(* Let $\mathcal{M}\in\mathbb{R}^{m\times m}$ be a skew-symmetric matrix ($\mathcal{M}^\top=-\mathcal{M}$), viewed as the payoff matrix (for player 1) of a finite two-player zero-sum symmetric game in which each player has the pure strategy set $S_g=\{1,\dots,m\}$. Let $C=\{C_1,\dots,C_{|C|}\}$ be the Nash Clustering of this game, and for $k\in[|C|]$ let $\mathbf{p_k}=\mathrm{Nash}\big(\mathcal{M}\,\big|\,\bigcup_{r=k}^{|C|}C_r\big)$. Define $\mathrm{NPP}(C_i,C_j)=\mathbf{p_i}^\top\mathcal{M}\,\mathbf{p_j}$. Then $\mathrm{NPP}(C_i,C_j)\ge 0$ for all $i\le j$, and $\mathrm{NPP}(C_i,C_j)\le 0$ for all $i>j$.
   Context: For a nonempty subset $X\subseteq S_g$, a symmetric Nash equilibrium of the game restricted to $X$ is a probability vector $\mathbf{p}\in\Delta_m$ with $\mathbf{p}_s=0$ for $s\notin X$ such that $\mathbf{q}^\top\mathcal{M}\mathbf{p}\le \mathbf{p}^\top\mathcal{M}\mathbf{p}\le \mathbf{p}^\top\mathcal{M}\mathbf{q}$ for every probability vector $\mathbf{q}\in\Delta_m$ supported in $X$. $\mathrm{Nash}(\mathcal{M}\mid X)$ denotes the (unique) maximum-entropy such symmetric Nash equilibrium, i.e. the one maximizing $-\sum_j \mathbf{p}_j\log\mathbf{p}_j$, and $\mathrm{supp}(\mathbf{p})=\{s:\mathbf{p}_s>0\}$. Nash Clustering: set $C_0=\emptyset$ and $C_i=\mathrm{supp}\big(\mathrm{Nash}(\mathcal{M}\mid S_g\setminus\bigcup_{k=0}^{i-1}C_k)\big)$ for $i\ge1$ (defined while the remaining set is nonempty); the Nash Clustering is the collection $C=\{C_j: j\ge 1,\ C_j\neq\emptyset\}$, indexed in this order. *)

From HB Require Import structures.
From mathcomp Require Import all_boot all_order all_algebra.
From mathcomp Require Import reals exp.
Set Implicit Arguments. Unset Strict Implicit. Unset Printing Implicit Defensive.
Import Order.TTheory GRing.Theory Num.Theory.
Local Open Scope ring_scope.

(* Pure strategies S_g = {1,...,m} are represented by 'I_m (0-indexed).
   Mixed strategies are vectors p : 'I_m -> R. *)

Definition bil (R : realType) (m : nat) (M : 'M[R]_m) (p q : 'I_m -> R) : R :=
  \sum_(i < m) \sum_(j < m) p i * M i j * q j.

Definition prob_on (R : realType) (m : nat) (X : {set 'I_m}) (p : 'I_m -> R) : Prop :=
  (forall s, 0 <= p s) /\ \sum_(s < m) p s = 1 /\ (forall s, s \notin X -> p s = 0).

Definition sym_nash (R : realType) (m : nat) (M : 'M[R]_m) (X : {set 'I_m})
    (p : 'I_m -> R) : Prop :=
  prob_on X p /\
  forall q : 'I_m -> R, prob_on X q ->
    bil M q p <= bil M p p /\ bil M p p <= bil M p q.

Definition entropy (R : realType) (m : nat) (p : 'I_m -> R) : R :=
  - \sum_(j < m) p j * ln (p j).

(* p is the maximum-entropy symmetric Nash equilibrium Nash(M | X) *)
Definition is_maxent_nash (R : realType) (m : nat) (M : 'M[R]_m) (X : {set 'I_m})
    (p : 'I_m -> R) : Prop :=
  sym_nash M X p /\ forall q, sym_nash M X q -> entropy q <= entropy p.

Definition supp (R : realType) (m : nat) (p : 'I_m -> R) : {set 'I_m} :=
  [set s | p s != 0].

(* remaining strategies before step k (0-indexed): S_g minus C_0 ... C_(k-1) *)
Definition remaining (m : nat) (C : nat -> {set 'I_m}) (k : nat) : {set 'I_m} :=
  ~: \bigcup_(r < k) C r.

(* C_0, ..., C_(K-1) is the Nash clustering of M (0-indexed): each C_k is the
   support of Nash(M | remaining set), and the procedure stops exactly when the
   remaining set becomes empty. *)
Definition nash_clustering (R : realType) (m : nat) (M : 'M[R]_m)
    (K : nat) (C : nat -> {set 'I_m}) : Prop :=
  (forall k, (k < K)%N ->
     exists p : 'I_m -> R, is_maxent_nash M (remaining C k) p /\ C k = supp p) /\
  remaining C K = set0.

Definition tail_union (m : nat) (K : nat) (C : nat -> {set 'I_m}) (k : nat) : {set 'I_m} :=
  \bigcup_(k <= r < K) C r.

(* The value p^T M p of a skew-symmetric game is 0 for every p.  For i <= j the
   support of p_j lies in the tail union on which p_i is an equilibrium, so p_j
   is an admissible deviation against p_i and p_i^T M p_j >= p_i^T M p_i = 0;
   for i > j the roles are swapped and p_i^T M p_j <= p_j^T M p_j = 0. *)
From HB Require Import structures.
From mathcomp Require Import all_boot all_order all_algebra.
From mathcomp Require Import reals exp lra.
Set Implicit Arguments. Unset Strict Implicit. Unset Printing Implicit Defensive.
Import Order.TTheory GRing.Theory Num.Theory.
Local Open Scope ring_scope.

Section SkewGame.

Variables (R : realType) (m : nat) (M : 'M[R]_m).
Hypothesis skewM : M^T = - M.

Lemma bil_skew (p q : 'I_m -> R) : bil M p q = - bil M q p.
Proof.
rewrite /bil exchange_big -sumrN; apply: eq_bigr => j _.
rewrite -sumrN; apply: eq_bigr => i _.
have -> : M i j = - M j i by move/matrixP/(_ j i): skewM; rewrite !mxE.
by rewrite mulrN mulNr mulrAC [q j * _ * _]mulrC mulrA.
Qed.

Lemma bil_skew_self (p : 'I_m -> R) : bil M p p = 0.
Proof. by have := bil_skew p p; lra. Qed.

Lemma sym_nash_skew_payoff (X Y : {set 'I_m}) (p q : 'I_m -> R) :
  X \subset Y -> sym_nash M Y p -> prob_on X q ->
  bil M q p <= 0 /\ 0 <= bil M p q.
Proof.
move=> sXY [_ nash_p] [q_ge0 [q_sum1 q_supp]].
have q_onY : prob_on Y q.
  by split=> //; split=> // s sNY; apply/q_supp/(contra (subsetP sXY s)).
by have [] := nash_p q q_onY; rewrite bil_skew_self.
Qed.

End SkewGame.

Lemma tail_union_subset (m K : nat) (C : nat -> {set 'I_m}) (i j : nat) :
  (i <= j)%N -> tail_union K C j \subset tail_union K C i.
Proof.
move=> le_ij; rewrite /tail_union.
have [le_jK | lt_Kj] := leqP j K.
  by rewrite (big_cat_nat le_ij le_jK) subsetUr.
by rewrite big_geq ?sub0set // ltnW.
Qed.

Theorem theorem2 (R : realType) (m : nat) (M : 'M[R]_m)
    (K : nat) (C : nat -> {set 'I_m}) (P : nat -> 'I_m -> R) :
  M^T = - M ->
  nash_clustering M K C ->
  (forall k, (k < K)%N -> is_maxent_nash M (tail_union K C k) (P k)) ->
  (forall i j, (i <= j < K)%N -> 0 <= bil M (P i) (P j)) /\
  (forall i j, (j < i < K)%N -> bil M (P i) (P j) <= 0).
Proof.
move=> skewM _ maxentP.
have nashP k : (k < K)%N -> sym_nash M (tail_union K C k) (P k).
  by case/maxentP.
have probP k : (k < K)%N -> prob_on (tail_union K C k) (P k).
  by case/nashP.
split=> [i j /andP[le_ij lt_jK] | i j /andP[lt_ji lt_iK]].
- have lt_iK := leq_ltn_trans le_ij lt_jK.
  have [_ ge0] := sym_nash_skew_payoff skewM (tail_union_subset K C le_ij)
                    (nashP i lt_iK) (probP j lt_jK).
  exact ge0.
- have lt_jK := ltn_trans lt_ji lt_iK.
  have [le0 _] := sym_nash_skew_payoff skewM (tail_union_subset K C (ltnW lt_ji))
                    (nashP j lt_jK) (probP i lt_iK).
  exact le0.
Qed.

What is required: Would you please copy exactly the part of the entries above that begins at the line containing "[set s | p s != 0]." and ends at the line containing "remaining C K = set0.", both lines included?

Result:
  [set s | p s != 0].

(* remaining strategies before step k (0-indexed): S_g minus C_0 ... C_(k-1) *)
Definition remaining (m : nat) (C : nat -> {set 'I_m}) (k : nat) : {set 'I_m} :=
  ~: \bigcup_(r < k) C r.

(* C_0, ..., C_(K-1) is the Nash clustering of M (0-indexed): each C_k is the
   support of Nash(M | remaining set), and the procedure stops exactly when the
   remaining set becomes empty. *)
Definition nash_clustering (R : realType) (m : nat) (M : 'M[R]_m)
    (K : nat) (C : nat -> {set 'I_m}) : Prop :=
  (forall k, (k < K)%N ->
     exists p : 'I_m -> R, is_maxent_nash M (remaining C k) p /\ C k = supp p) /\
  remaining C K = set0.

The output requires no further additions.